Records contained in a dataset:
——

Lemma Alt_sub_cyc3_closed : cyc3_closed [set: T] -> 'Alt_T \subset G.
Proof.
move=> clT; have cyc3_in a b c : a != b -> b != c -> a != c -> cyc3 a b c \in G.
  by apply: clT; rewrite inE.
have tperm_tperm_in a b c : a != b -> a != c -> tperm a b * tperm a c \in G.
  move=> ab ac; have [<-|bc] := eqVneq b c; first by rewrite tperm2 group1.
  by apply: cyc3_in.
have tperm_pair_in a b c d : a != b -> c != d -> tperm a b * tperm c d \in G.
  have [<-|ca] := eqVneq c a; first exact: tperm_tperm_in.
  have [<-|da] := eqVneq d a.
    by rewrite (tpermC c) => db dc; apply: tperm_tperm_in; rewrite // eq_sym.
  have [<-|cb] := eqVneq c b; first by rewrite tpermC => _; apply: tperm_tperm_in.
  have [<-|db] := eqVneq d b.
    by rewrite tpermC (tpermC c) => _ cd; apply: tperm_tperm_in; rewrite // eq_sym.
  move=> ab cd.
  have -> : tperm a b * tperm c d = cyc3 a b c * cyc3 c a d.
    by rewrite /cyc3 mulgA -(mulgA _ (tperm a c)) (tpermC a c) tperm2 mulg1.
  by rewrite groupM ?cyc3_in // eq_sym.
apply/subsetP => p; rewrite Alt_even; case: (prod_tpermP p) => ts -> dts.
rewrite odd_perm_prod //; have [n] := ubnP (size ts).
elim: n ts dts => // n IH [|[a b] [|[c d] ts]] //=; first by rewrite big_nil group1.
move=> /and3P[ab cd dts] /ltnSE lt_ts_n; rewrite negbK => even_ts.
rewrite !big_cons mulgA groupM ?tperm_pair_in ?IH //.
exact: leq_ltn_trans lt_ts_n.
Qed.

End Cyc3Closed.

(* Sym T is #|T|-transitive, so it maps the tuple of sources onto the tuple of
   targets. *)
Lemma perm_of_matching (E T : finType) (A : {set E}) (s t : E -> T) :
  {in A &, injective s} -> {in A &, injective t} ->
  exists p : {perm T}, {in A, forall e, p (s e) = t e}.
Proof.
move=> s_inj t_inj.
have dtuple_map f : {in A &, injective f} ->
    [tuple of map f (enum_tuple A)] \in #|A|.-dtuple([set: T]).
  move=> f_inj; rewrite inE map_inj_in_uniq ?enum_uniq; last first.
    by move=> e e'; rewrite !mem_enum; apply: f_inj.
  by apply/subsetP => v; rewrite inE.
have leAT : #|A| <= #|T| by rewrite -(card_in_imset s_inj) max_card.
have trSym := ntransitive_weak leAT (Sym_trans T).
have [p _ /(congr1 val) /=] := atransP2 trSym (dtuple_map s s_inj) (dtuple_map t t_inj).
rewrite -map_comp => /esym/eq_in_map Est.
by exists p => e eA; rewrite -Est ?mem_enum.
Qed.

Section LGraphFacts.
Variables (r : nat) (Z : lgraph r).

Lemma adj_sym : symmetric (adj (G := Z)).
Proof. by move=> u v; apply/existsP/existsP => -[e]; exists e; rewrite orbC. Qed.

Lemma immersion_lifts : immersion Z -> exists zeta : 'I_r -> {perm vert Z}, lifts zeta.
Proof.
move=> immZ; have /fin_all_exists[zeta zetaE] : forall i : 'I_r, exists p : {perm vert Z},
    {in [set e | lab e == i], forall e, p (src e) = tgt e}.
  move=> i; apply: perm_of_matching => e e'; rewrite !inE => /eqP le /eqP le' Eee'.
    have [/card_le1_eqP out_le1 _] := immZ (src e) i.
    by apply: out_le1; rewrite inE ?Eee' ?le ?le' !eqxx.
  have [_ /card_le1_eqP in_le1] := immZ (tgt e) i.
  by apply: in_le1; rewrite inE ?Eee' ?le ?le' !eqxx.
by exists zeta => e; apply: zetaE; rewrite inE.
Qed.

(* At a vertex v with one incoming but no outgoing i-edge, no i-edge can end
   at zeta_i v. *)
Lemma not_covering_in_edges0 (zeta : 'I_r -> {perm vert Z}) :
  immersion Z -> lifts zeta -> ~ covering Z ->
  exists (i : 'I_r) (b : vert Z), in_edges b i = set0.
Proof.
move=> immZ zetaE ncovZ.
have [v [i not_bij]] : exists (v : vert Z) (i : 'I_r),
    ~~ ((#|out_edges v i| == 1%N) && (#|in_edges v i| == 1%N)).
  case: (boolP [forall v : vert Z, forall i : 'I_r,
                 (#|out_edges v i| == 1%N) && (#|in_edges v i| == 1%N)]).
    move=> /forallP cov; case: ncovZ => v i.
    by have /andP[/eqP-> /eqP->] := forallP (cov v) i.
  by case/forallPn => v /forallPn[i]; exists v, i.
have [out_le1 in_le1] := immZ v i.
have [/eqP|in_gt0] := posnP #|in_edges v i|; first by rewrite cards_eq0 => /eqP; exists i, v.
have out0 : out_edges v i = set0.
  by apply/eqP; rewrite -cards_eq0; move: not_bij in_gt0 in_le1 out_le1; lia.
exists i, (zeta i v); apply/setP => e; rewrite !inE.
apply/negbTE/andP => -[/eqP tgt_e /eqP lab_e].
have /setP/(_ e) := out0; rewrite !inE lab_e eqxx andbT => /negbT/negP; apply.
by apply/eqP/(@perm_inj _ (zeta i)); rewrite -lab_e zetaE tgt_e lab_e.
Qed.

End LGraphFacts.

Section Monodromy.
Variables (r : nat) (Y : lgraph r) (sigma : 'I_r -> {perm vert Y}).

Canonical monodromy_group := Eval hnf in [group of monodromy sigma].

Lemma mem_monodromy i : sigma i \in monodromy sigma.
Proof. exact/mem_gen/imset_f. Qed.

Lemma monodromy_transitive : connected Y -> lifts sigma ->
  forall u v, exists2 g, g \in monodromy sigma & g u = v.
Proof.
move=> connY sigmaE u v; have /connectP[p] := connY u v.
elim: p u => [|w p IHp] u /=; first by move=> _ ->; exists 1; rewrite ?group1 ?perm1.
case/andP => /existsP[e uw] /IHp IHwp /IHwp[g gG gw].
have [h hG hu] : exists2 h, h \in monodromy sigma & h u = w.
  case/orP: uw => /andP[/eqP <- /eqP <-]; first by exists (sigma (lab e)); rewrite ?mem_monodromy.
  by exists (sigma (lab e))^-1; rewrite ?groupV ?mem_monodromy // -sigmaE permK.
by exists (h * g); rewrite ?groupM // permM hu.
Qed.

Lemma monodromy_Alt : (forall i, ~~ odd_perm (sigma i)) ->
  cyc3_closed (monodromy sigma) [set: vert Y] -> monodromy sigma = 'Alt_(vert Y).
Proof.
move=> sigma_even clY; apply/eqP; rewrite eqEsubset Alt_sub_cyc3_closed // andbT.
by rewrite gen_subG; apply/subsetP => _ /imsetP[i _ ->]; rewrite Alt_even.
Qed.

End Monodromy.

——

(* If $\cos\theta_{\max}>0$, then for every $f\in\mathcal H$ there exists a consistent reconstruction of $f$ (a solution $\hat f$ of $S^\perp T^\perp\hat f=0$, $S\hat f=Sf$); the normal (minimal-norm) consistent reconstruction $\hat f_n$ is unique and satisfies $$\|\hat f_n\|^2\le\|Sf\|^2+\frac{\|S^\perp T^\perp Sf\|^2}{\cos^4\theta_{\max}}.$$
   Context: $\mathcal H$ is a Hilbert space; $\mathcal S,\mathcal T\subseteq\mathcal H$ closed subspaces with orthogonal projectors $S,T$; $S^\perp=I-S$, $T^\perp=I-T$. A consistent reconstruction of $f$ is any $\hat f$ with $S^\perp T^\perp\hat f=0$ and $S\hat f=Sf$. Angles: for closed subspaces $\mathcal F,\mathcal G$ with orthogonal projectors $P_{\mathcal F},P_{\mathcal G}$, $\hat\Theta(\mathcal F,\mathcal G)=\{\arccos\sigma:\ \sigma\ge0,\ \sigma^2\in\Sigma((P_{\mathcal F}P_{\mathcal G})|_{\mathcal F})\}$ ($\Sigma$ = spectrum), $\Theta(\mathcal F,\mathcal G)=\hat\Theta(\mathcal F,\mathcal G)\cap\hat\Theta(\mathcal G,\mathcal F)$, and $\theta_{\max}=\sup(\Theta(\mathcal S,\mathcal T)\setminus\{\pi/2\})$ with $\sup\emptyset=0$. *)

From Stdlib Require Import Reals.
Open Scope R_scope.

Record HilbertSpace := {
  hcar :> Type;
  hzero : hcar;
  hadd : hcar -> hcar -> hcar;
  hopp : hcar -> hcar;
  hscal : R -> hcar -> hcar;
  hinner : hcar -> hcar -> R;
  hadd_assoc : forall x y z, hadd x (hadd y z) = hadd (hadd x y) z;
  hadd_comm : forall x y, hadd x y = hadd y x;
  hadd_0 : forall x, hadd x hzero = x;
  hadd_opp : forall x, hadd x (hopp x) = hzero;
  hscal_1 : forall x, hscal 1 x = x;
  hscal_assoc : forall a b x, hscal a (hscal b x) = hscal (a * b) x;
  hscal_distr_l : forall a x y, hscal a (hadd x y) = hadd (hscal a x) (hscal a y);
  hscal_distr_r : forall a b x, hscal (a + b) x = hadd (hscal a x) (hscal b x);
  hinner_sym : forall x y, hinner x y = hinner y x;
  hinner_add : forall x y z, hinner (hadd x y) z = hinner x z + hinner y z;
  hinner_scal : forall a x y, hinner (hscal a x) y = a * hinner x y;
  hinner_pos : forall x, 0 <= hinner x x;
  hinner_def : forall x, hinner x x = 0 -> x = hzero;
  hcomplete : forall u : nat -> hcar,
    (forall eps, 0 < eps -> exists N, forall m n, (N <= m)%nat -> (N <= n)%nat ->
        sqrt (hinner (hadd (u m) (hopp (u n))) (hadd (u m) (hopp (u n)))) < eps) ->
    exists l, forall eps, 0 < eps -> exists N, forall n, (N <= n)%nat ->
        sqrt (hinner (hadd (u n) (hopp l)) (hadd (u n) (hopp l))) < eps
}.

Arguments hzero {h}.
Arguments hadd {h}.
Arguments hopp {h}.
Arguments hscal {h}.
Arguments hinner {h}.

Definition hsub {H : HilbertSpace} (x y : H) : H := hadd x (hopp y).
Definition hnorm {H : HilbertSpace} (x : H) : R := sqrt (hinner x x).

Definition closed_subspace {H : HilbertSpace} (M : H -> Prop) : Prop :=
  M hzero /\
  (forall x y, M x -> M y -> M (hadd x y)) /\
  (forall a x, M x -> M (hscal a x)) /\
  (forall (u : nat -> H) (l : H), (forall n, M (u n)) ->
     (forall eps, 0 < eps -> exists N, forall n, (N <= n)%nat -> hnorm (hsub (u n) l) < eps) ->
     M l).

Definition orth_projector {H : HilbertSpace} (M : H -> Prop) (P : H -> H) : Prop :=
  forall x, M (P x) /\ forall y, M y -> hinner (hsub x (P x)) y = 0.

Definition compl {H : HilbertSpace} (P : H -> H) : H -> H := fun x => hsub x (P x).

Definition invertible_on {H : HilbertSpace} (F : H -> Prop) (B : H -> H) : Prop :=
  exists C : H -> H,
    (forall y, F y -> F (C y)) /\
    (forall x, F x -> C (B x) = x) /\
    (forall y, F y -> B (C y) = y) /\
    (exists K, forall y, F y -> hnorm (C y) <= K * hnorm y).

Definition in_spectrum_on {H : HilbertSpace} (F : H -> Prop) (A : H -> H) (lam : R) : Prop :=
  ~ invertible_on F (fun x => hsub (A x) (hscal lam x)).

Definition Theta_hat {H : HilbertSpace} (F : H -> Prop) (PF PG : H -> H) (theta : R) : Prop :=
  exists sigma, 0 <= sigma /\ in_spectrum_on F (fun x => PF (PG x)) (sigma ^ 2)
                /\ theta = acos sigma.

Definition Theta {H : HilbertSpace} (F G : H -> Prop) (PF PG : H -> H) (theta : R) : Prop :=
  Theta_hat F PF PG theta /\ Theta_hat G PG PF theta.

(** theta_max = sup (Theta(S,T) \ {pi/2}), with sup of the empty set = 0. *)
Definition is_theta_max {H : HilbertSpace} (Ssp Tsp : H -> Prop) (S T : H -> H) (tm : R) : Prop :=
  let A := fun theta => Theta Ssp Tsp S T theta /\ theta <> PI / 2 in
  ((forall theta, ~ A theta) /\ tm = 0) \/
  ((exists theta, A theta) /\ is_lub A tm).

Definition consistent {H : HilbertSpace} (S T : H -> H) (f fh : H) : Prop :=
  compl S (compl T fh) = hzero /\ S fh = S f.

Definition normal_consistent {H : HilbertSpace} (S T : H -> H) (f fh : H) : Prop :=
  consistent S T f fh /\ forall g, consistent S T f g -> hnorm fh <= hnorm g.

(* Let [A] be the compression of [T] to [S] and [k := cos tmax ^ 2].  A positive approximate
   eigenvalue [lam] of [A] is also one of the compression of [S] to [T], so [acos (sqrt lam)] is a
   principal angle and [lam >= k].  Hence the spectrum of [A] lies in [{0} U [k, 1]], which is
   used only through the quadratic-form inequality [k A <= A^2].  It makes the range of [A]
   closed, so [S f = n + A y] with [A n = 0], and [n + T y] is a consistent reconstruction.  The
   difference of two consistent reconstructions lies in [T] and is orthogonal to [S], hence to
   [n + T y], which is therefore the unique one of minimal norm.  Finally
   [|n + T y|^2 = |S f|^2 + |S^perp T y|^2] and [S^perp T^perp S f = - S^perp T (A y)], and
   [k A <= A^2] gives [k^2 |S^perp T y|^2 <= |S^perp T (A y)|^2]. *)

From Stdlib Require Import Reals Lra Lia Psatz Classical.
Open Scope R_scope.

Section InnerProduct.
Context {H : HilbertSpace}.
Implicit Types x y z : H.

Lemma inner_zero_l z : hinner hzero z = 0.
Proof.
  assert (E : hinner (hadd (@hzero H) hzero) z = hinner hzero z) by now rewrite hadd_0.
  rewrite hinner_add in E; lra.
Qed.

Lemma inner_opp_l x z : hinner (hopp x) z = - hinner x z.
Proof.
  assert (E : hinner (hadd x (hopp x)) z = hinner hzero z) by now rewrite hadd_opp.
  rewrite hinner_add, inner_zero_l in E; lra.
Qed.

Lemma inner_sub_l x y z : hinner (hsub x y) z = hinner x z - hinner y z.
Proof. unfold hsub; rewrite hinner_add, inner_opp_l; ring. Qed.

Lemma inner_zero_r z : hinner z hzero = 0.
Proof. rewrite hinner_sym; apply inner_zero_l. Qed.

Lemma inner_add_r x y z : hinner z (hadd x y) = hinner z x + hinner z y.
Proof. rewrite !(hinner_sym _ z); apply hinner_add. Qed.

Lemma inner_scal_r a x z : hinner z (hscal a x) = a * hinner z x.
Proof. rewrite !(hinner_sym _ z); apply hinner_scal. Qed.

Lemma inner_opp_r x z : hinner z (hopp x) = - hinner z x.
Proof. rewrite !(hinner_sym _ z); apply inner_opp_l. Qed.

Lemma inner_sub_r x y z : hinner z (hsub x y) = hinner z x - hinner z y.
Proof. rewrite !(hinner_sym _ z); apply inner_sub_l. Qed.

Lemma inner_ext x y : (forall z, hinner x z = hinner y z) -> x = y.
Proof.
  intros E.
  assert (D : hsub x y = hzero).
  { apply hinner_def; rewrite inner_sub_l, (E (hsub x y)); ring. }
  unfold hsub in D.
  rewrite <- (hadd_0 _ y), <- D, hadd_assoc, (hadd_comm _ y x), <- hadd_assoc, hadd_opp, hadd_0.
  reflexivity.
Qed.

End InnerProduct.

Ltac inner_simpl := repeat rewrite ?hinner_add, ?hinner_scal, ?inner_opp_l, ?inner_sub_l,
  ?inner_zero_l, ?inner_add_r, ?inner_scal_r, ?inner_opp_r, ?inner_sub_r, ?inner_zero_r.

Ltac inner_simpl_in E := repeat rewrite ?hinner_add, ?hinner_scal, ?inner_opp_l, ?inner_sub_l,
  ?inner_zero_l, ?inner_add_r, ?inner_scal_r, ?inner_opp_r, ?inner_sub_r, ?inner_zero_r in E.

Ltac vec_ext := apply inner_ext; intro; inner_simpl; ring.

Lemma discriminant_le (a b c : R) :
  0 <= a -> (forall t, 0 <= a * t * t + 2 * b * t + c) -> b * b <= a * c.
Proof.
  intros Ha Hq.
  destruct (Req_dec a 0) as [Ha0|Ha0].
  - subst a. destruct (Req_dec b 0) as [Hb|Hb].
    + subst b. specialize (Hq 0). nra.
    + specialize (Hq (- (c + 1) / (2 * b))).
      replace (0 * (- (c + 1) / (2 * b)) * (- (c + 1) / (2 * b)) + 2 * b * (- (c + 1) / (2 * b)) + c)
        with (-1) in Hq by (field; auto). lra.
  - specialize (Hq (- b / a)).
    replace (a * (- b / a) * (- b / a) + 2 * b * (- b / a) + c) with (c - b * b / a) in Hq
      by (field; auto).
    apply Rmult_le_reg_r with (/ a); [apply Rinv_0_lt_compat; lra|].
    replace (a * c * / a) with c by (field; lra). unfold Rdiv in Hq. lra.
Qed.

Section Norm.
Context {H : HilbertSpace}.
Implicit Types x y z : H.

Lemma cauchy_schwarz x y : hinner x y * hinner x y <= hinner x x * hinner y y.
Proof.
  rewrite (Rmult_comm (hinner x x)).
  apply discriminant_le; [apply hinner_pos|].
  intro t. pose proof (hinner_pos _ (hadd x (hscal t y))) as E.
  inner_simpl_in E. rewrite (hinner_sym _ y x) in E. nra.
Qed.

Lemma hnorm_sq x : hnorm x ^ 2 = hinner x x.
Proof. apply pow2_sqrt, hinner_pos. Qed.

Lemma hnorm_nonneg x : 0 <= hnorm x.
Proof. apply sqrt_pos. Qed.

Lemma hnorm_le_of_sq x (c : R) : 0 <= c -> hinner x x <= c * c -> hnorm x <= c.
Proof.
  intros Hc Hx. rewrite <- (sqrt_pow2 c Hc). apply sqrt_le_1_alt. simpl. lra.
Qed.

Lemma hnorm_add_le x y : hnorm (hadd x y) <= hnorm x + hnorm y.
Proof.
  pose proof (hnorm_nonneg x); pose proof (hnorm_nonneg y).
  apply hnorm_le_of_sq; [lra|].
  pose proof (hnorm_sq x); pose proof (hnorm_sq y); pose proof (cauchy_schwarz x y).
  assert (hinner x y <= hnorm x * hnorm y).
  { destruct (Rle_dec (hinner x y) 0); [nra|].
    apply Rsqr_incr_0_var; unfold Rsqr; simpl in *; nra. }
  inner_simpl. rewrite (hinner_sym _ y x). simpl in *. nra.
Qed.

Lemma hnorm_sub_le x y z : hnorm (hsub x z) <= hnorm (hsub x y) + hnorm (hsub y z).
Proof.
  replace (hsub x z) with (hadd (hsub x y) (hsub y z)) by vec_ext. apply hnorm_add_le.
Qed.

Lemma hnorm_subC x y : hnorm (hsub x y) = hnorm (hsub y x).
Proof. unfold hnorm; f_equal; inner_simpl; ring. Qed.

——

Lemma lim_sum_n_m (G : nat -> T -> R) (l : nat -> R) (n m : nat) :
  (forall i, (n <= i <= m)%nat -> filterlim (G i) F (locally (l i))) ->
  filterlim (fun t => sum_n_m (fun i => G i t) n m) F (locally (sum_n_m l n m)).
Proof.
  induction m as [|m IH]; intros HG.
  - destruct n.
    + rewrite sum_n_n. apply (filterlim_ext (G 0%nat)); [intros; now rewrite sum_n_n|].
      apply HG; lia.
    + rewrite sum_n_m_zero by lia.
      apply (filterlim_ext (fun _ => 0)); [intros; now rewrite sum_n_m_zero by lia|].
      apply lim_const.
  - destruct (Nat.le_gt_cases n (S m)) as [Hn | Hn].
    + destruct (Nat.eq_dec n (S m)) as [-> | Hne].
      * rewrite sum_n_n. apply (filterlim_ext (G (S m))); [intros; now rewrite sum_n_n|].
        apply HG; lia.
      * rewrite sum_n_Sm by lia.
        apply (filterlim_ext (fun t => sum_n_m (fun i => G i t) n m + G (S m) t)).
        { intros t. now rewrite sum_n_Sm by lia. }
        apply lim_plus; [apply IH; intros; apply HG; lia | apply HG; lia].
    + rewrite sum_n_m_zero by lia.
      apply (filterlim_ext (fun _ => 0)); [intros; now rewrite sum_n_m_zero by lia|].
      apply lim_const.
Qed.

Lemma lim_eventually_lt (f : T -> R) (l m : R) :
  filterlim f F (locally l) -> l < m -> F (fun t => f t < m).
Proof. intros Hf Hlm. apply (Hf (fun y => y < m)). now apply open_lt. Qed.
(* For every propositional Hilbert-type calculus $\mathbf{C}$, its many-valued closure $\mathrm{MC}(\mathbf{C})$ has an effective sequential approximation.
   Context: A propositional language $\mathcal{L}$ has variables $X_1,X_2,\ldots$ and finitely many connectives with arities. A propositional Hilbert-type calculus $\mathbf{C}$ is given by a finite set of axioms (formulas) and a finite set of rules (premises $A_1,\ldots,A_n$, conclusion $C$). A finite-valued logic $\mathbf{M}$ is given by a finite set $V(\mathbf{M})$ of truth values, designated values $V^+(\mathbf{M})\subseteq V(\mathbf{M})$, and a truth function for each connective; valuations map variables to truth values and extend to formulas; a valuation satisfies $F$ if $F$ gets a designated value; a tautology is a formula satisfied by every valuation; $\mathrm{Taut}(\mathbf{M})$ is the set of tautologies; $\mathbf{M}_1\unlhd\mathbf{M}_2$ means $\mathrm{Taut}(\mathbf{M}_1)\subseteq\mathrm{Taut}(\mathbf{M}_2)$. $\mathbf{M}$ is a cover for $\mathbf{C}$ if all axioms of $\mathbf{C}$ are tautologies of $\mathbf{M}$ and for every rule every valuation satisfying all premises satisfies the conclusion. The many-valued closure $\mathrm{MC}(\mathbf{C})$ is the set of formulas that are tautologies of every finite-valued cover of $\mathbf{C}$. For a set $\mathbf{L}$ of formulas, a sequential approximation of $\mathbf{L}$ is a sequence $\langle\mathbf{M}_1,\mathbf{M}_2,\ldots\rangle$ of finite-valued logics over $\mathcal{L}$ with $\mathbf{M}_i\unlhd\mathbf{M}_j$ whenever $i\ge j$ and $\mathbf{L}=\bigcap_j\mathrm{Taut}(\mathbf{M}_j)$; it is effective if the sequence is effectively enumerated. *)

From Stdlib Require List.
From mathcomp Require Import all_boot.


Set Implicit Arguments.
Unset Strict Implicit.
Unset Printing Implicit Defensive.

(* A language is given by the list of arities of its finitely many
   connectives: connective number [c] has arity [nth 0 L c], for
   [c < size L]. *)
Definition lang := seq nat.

——

## Task details
State how many lines in the records above contain the word "immersion", giving only the number.

## Response area
2